Data for this task
(* Let $\sigma$ be a primitive substitution over a finite alphabet $\mathcal{A}$ and let $(X_\sigma,T)$ be the associated subshift. Let $v\in\mathcal{L}(X_\sigma)$ and suppose its frequency is rational, $\mu_v=p_v/q_v$ written in irreducible form. Suppose that $(X_\sigma,T)$ is balanced on $v$. Then: (1) For each $a\in\mathcal{A}$ and each return word $w$ to $a$, $q_v$ divides $|\sigma^n(w)|$ for all $n$ large enough. In particular, if $aa\in\mathcal{L}_2(X_\sigma)$, then $q_v$ divides $|\sigma^n(a)|$ for all $n$ large enough. (2) Let $a\in\mathcal{A}$ and suppose there exist $b,c\in\mathcal{A}$ such that $bac\in\mathcal{L}(X_\sigma)$ and $bc\in\mathcal{L}(X_\sigma)$. Then $q_v$ divides $|\sigma^n(a)|$ for all $n$ large enough.
   Context: A substitution $\sigma$ on a finite alphabet $\mathcal{A}$ is a non-erasing morphism of the free monoid $\mathcal{A}^*$. Its substitution matrix $M_\sigma$ has entries $M_\sigma(a,b)=|\sigma(b)|_a$ (number of occurrences of $a$ in $\sigma(b)$); $\sigma$ is primitive if some power of $M_\sigma$ has all entries positive. $X_\sigma$ is the set of $x\in\mathcal{A}^{\mathbb Z}$ such that every finite factor of $x$ is a factor of $\sigma^n(a)$ for some $a\in\mathcal{A}$, $n\in\mathbb{N}$; $T$ is the shift. $(X_\sigma,T)$ is minimal and uniquely ergodic with invariant probability measure $\mu$. $\mathcal{L}(X_\sigma)$ is the set of finite factors of elements of $X_\sigma$, $\mathcal{L}_n(X_\sigma)$ those of length $n$. The frequency of $v$ is $\mu_v=\mu([v])$ where $[v]=\{x\in X_\sigma: x_0\cdots x_{|v|-1}=v\}$. For finite words, $|w|$ is the length and $|w|_v$ the number of occurrences of $v$ in $w$. $(X_\sigma,T)$ is balanced on $v$ if there is $C_v$ with $||w|_v-|w'|_v|\le C_v$ for all $w,w'\in\mathcal{L}(X_\sigma)$ with $|w|=|w'|$. A return word to the letter $a$ is a word $w$ such that $wa\in\mathcal{L}(X_\sigma)$ and $a$ is a prefix of $wa$. *)

From HB Require Import structures.
From mathcomp Require Import all_boot all_order all_algebra.
From mathcomp Require Import reals.
Set Implicit Arguments. Unset Strict Implicit. Unset Printing Implicit Defensive.
Import Order.TTheory GRing.Theory Num.Theory.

Action item
Every single record is to be set down again, unaltered.

Result of the task
(* Let $\sigma$ be a primitive substitution over a finite alphabet $\mathcal{A}$ and let $(X_\sigma,T)$ be the associated subshift. Let $v\in\mathcal{L}(X_\sigma)$ and suppose its frequency is rational, $\mu_v=p_v/q_v$ written in irreducible form. Suppose that $(X_\sigma,T)$ is balanced on $v$. Then: (1) For each $a\in\mathcal{A}$ and each return word $w$ to $a$, $q_v$ divides $|\sigma^n(w)|$ for all $n$ large enough. In particular, if $aa\in\mathcal{L}_2(X_\sigma)$, then $q_v$ divides $|\sigma^n(a)|$ for all $n$ large enough. (2) Let $a\in\mathcal{A}$ and suppose there exist $b,c\in\mathcal{A}$ such that $bac\in\mathcal{L}(X_\sigma)$ and $bc\in\mathcal{L}(X_\sigma)$. Then $q_v$ divides $|\sigma^n(a)|$ for all $n$ large enough.
   Context: A substitution $\sigma$ on a finite alphabet $\mathcal{A}$ is a non-erasing morphism of the free monoid $\mathcal{A}^*$. Its substitution matrix $M_\sigma$ has entries $M_\sigma(a,b)=|\sigma(b)|_a$ (number of occurrences of $a$ in $\sigma(b)$); $\sigma$ is primitive if some power of $M_\sigma$ has all entries positive. $X_\sigma$ is the set of $x\in\mathcal{A}^{\mathbb Z}$ such that every finite factor of $x$ is a factor of $\sigma^n(a)$ for some $a\in\mathcal{A}$, $n\in\mathbb{N}$; $T$ is the shift. $(X_\sigma,T)$ is minimal and uniquely ergodic with invariant probability measure $\mu$. $\mathcal{L}(X_\sigma)$ is the set of finite factors of elements of $X_\sigma$, $\mathcal{L}_n(X_\sigma)$ those of length $n$. The frequency of $v$ is $\mu_v=\mu([v])$ where $[v]=\{x\in X_\sigma: x_0\cdots x_{|v|-1}=v\}$. For finite words, $|w|$ is the length and $|w|_v$ the number of occurrences of $v$ in $w$. $(X_\sigma,T)$ is balanced on $v$ if there is $C_v$ with $||w|_v-|w'|_v|\le C_v$ for all $w,w'\in\mathcal{L}(X_\sigma)$ with $|w|=|w'|$. A return word to the letter $a$ is a word $w$ such that $wa\in\mathcal{L}(X_\sigma)$ and $a$ is a prefix of $wa$. *)

From HB Require Import structures.
From mathcomp Require Import all_boot all_order all_algebra.
From mathcomp Require Import reals.
Set Implicit Arguments. Unset Strict Implicit. Unset Printing Implicit Defensive.
Import Order.TTheory GRing.Theory Num.Theory.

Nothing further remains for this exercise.